Action item
Within the records below, filter for lines carrying the word "Implicit" and copy them.

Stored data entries
Definition kent v s : C := v (enum_rank s) 0.
Definition mkket (f : basis X -> C) : ket R X := \col_i f (enum_val i).

Lemma kent_mkket (f : basis X -> C) s : kent (mkket f) s = f s.
Proof. by rewrite /kent /mkket mxE enum_rankK. Qed.

Lemma ketP (v w : ket R X) : (forall s, kent v s = kent w s) -> v = w.
Proof.
move=> eqvw; apply/matrixP => i j; rewrite (ord1 j).
by have := eqvw (enum_val i); rewrite /kent !enum_valK.
Qed.

Lemma kent_mulmx A v s : kent (A *m v) s = \sum_u ent A s u * kent v u.
Proof. by rewrite /kent mxE sum_basis. Qed.

Lemma kent0 s : kent 0 s = 0.
Proof. by rewrite /kent mxE. Qed.

Lemma qform_ent A v :
  (dag v *m A *m v) 0 0 = \sum_t \sum_s (kent v s)^* * ent A s t * kent v t.
Proof.
rewrite mxE sum_basis; apply: eq_bigr => t _; rewrite mxE sum_basis mulr_suml.
by apply: eq_bigr => s _; rewrite /dag !mxE.
Qed.

End Entries.

Lemma asg_val X (s : basis X) (x : X) : asg s (val x) = s x.
Proof. by rewrite /asg valK. Qed.

Lemma asg_out X (s : basis X) n : n \notin X -> asg s n = false.
Proof. by move=> nX; rewrite /asg insubN. Qed.

Lemma asg_inj X (s t : basis X) : asg s =1 asg t -> s = t.
Proof. by move=> eq_st; apply/ffunP => x; rewrite -!asg_val. Qed.

Lemma asg_restr V X (s : basis X) n :
  asg (restr V s) n = if n \in V then asg s n else false.
Proof.
case: (boolP (n \in V)) => nV; last by rewrite asg_out.
by rewrite -[n]/(val (FSetSub nV)) asg_val /restr ffunE.
Qed.

Lemma agree_outP V X (s t : basis X) :
  reflect (forall n, n \notin V -> asg s n = asg t n) (agree_out V s t).
Proof.
apply: (iffP forallP) => [agree n nV|eq_out x].
  case: (boolP (n \in X)) => nX; last by rewrite !asg_out.
  have := agree (FSetSub nX); rewrite /= (negbTE nV) => /eqP eq_n.
  by rewrite -[n]/(val (FSetSub nX)) !asg_val.
by case: (boolP (val x \in V)) => //= nV; rewrite -!asg_val eq_out.
Qed.

Section Assignments.
Variables (V X : {fset nat}).
Hypothesis VX : (V `<=` X)%fset.
Implicit Types (u : basis V) (r s t : basis X).

Lemma asg_merge u r n : asg (Defs.merge u r) n = if n \in V then asg u n else asg r n.
Proof.
case: (boolP (n \in X)) => nX; last first.
  have nV : n \notin V by apply: contra nX; apply: (fsubsetP VX).
  by rewrite (negbTE nV) !asg_out.
rewrite -[n]/(val (FSetSub nX)) asg_val /Defs.merge ffunE asg_val /=.
case: (boolP (n \in V)) => nV; first by rewrite insubT /= -(asg_val u (FSetSub nV)).
by rewrite insubN.
Qed.

Lemma restr_merge u r : restr V (Defs.merge u r) = u.
Proof.
apply: asg_inj => n; rewrite asg_restr asg_merge.
by case: (boolP (n \in V)) => // nV; rewrite asg_out.
Qed.

Lemma merge_restr t : Defs.merge (restr V t) t = t.
Proof. by apply: asg_inj => n; rewrite asg_merge asg_restr; case: (n \in V). Qed.

Lemma merge_merge u u' r : Defs.merge u (Defs.merge u' r) = Defs.merge u r.
Proof. by apply: asg_inj => n; rewrite !asg_merge; case: (n \in V). Qed.

Lemma agree_merge u r : agree_out V r (Defs.merge u r).
Proof. by apply/agree_outP => n nV; rewrite asg_merge (negbTE nV). Qed.

Lemma agree_refl t : agree_out V t t.
Proof. exact/agree_outP. Qed.

Lemma agree_sym s t : agree_out V s t = agree_out V t s.
Proof. by apply/agree_outP/agree_outP => eq_out n nV; rewrite eq_out. Qed.

Lemma agree_trans s t r : agree_out V s t -> agree_out V t r -> agree_out V s r.
Proof.
move=> /agree_outP eq1 /agree_outP eq2.
by apply/agree_outP => n nV; rewrite eq1 ?eq2.
Qed.

Lemma merge_agree u s t : agree_out V s t -> Defs.merge u s = Defs.merge u t.
Proof.
move=> /agree_outP eq_out; apply: asg_inj => n; rewrite !asg_merge.
by case: (boolP (n \in V)) => // /eq_out.
Qed.

Lemma agree_mergel u s t : agree_out V (Defs.merge u s) t = agree_out V s t.
Proof.
apply/idP/idP => agree; first exact: agree_trans (agree_merge u s) agree.
by apply: agree_trans agree; rewrite agree_sym agree_merge.
Qed.

Lemma eq_agree_restr s t : (s == t) = agree_out V s t && (restr V s == restr V t).
Proof.
apply/eqP/andP => [->|[agree /eqP eq_restr]]; first by rewrite agree_refl.
by rewrite -(merge_restr s) -(merge_restr t) eq_restr (merge_agree _ agree).
Qed.

Lemma sum_agree_out r (f : basis X -> C) :
  \sum_t (if agree_out V r t then f t else 0) = \sum_(u : basis V) f (Defs.merge u r).
Proof.
rewrite -big_mkcond (reindex_onto (fun u : basis V => Defs.merge u r) (@restr V X)) /=.
  by apply: eq_bigl => u; rewrite agree_merge restr_merge eqxx.
by move=> t agree; rewrite (merge_agree _ agree) merge_restr.
Qed.

Lemma sum_agree_out_restr r (f : basis X -> basis V -> C) :
  \sum_t (if agree_out V r t then f t (restr V t) else 0) =
  \sum_(u : basis V) f (Defs.merge u r) u.
Proof. by rewrite sum_agree_out; apply: eq_bigr => u _; rewrite restr_merge. Qed.

Definition class_rep t := Defs.merge ([ffun => false] : basis V) t.

Lemma sum_by_agree_classes (f : basis X -> C) :
  \sum_t f t = \sum_(r | class_rep r == r) \sum_(u : basis V) f (Defs.merge u r).
Proof.
rewrite (partition_big class_rep (fun r => class_rep r == r)) /=; last first.
  by move=> t _; rewrite /class_rep merge_merge.
apply: eq_bigr => r /eqP rep_r; rewrite -sum_agree_out -big_mkcond.
apply: eq_bigl => t; apply/eqP/idP => [eq_rep|agree].
  apply: agree_trans (agree_merge [ffun => false] r) _.
  by rewrite -/(class_rep r) rep_r -eq_rep agree_sym agree_merge.
by rewrite -rep_r /class_rep; apply: merge_agree; rewrite agree_sym.
Qed.

End Assignments.

(** * Cylindrical extension *)

Lemma ent_ext V X (A : op R V) s t :
  ent (ext X A) s t = if agree_out V s t then ent A (restr V s) (restr V t) else 0.
Proof. exact: ent_mkop. Qed.

Lemma ext_is_linear V X : linear (@ext R V X).
Proof.
move=> c A B; apply: opP => s t; rewrite entD entZ !ent_ext entD entZ.
by case: ifP; rewrite ?mulr0 ?addr0.
Qed.

HB.instance Definition _ V X :=
  GRing.isLinear.Build _ _ _ _ (@ext R V X) (@ext_is_linear V X).

Lemma ext_dag V X (A : op R V) : ext X (dag A) = dag (ext X A).
Proof.
apply: opP => s t; rewrite ent_dag !ent_ext ent_dag agree_sym.
by case: ifP; rewrite ?conjC0.
Qed.

Section Extension.
Variables (V X : {fset nat}).
Hypothesis VX : (V `<=` X)%fset.
Implicit Types (A B : op R V) (s t : basis X).

Lemma sum_ent_extl s A (g : basis X -> C) :
  \sum_t ent (ext X A) s t * g t = \sum_(u : basis V) ent A (restr V s) u * g (Defs.merge u s).
Proof.
rewrite -(sum_agree_out_restr VX s (fun t u => ent A (restr V s) u * g t)).
by apply: eq_bigr => t _; rewrite ent_ext; case: ifP; rewrite ?mul0r.
Qed.

Lemma sum_ent_extr t A (g : basis X -> C) :
  \sum_s g s * ent (ext X A) s t = \sum_(u : basis V) g (Defs.merge u t) * ent A u (restr V t).
Proof.
rewrite -(sum_agree_out_restr VX t (fun s u => g s * ent A u (restr V t))).
by apply: eq_bigr => s _; rewrite ent_ext agree_sym; case: ifP; rewrite ?mulr0.
Qed.

Lemma ext_mulmx A B : ext X (A *m B) = ext X A *m ext X B.
Proof.
apply: opP => s t; rewrite ent_mulmx sum_ent_extl ent_ext.
under eq_bigr => u _ do rewrite ent_ext (agree_mergel VX) (restr_merge VX).
case: ifP => _; last by rewrite big1 // => u _; rewrite mulr0.
by rewrite ent_mulmx.
Qed.

Lemma ext1 : ext X (1%:M : op R V) = 1%:M.
Proof. by apply: opP => s t; rewrite ent_ext !ent1 (eq_agree_restr VX); case: ifP. Qed.

Lemma ext_sop_kraus (E : sop R V) Ks (rho : op R X) : kraus_of E Ks ->
  ext_sop E rho = \sum_(K <- Ks) ext X K *m rho *m dag (ext X K).
Proof.
move=> EKs; apply: opP => s t; rewrite /ext_sop ent_mkop EKs !ent_sum.
apply: eq_bigr => K _; rewrite -ext_dag !ent_mulmx sum_ent_extr.
apply: eq_bigr => u' _; rewrite !ent_mulmx sum_ent_extl; congr (_ * _).
by apply: eq_bigr => u _; rewrite /block ent_mkop.
Qed.

Definition slice (r : basis X) (v : ket R X) : ket R V :=
  mkket (fun u => kent v (Defs.merge u r)).

Lemma slice_ext r A v : slice r (ext X A *m v) = A *m slice r v.
Proof.
apply: ketP => u; rewrite kent_mkket !kent_mulmx sum_ent_extl (restr_merge VX).
by apply: eq_bigr => w _; rewrite (merge_merge VX) kent_mkket.
Qed.

Lemma slice0 r : slice r 0 = 0.
Proof. by apply: ketP => u; rewrite kent_mkket !kent0. Qed.

Lemma slice_inj (v w : ket R X) : (forall r, slice r v = slice r w) -> v = w.
Proof.
move=> eq_slices; apply: ketP => t.
have := congr1 (fun z => kent z (restr V t)) (eq_slices t).
by rewrite !kent_mkket (merge_restr VX).
Qed.

Lemma block_merge (sig : op R X) (u u' : basis V) r :
  block V sig (Defs.merge u r) (Defs.merge u' r) = block V sig r r.
Proof. by apply: opP => a b; rewrite /block !ent_mkop !(merge_merge VX). Qed.

Lemma psd_block (sig : op R X) r : psd sig -> psd (block V sig r r).
Proof.
move=> psd_sig v.
pose w : ket R X := mkket (fun t => if agree_out V r t then kent v (restr V t) else 0).
suff <- : (dag w *m sig *m w) 0 0 = (dag v *m block V sig r r *m v) 0 0 by [].
rewrite !qform_ent; transitivity (\sum_t
    if agree_out V r t then (\sum_s (kent w s)^* * ent sig s t) * kent v (restr V t) else 0).
  by apply: eq_bigr => t _; rewrite -mulr_suml kent_mkket; case: ifP; rewrite ?mulr0.
rewrite (sum_agree_out_restr VX r (fun t u => (\sum_s (kent w s)^* * ent sig s t) * kent v u)).
apply: eq_bigr => u' _; rewrite -mulr_suml; congr (_ * _).
transitivity (\sum_s
    if agree_out V r s then (kent v (restr V s))^* * ent sig s (Defs.merge u' r) else 0).
  by apply: eq_bigr => s _; rewrite kent_mkket; case: ifP; rewrite ?conjC0 ?mul0r.
rewrite (sum_agree_out_restr VX r (fun s u => (kent v u)^* * ent sig s (Defs.merge u' r))).
by apply: eq_bigr => u _; rewrite /block ent_mkop.
Qed.

(* Along the classes of [agree_out V], the diagonal block of [ext_sop E sig] at [r] is
   [E] applied to the block of [sig] at [r]. *)
Lemma ext_sop_tr_le (E : sop R V) (sig : op R X) : trace_nonincr E -> psd sig ->
  \tr (ext_sop E sig) <= \tr sig.
Proof.
move=> tnE psd_sig; rewrite !mxtrace_ent (sum_by_agree_classes VX).
rewrite [X in _ <= X](sum_by_agree_classes VX); apply: ler_sum => r _.
rewrite [X in _ <= X](_ : _ = \tr (block V sig r r)); last first.
  by rewrite mxtrace_ent; apply: eq_bigr => u _; rewrite /block ent_mkop.
rewrite [X in X <= _](_ : _ = \tr (E (block V sig r r))); first exact: tnE (psd_block r psd_sig).
rewrite mxtrace_ent; apply: eq_bigr => u _.
by rewrite /ext_sop ent_mkop (restr_merge VX) block_merge.
Qed.

End Extension.

Lemma ext_id V (A : op R V) : ext V A = A.
Proof.
have restr_id (s : basis V) : restr V s = s.
  by apply: asg_inj => n; rewrite asg_restr; case: (boolP (n \in V)) => // nV; rewrite asg_out.
apply: opP => s t; rewrite ent_ext !restr_id.
suff -> : agree_out V s t by [].
by apply/forallP => x; rewrite fsvalP.
Qed.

Task output
Implicit Types (u : basis V) (r s t : basis X).
Implicit Types (A B : op R V) (s t : basis X).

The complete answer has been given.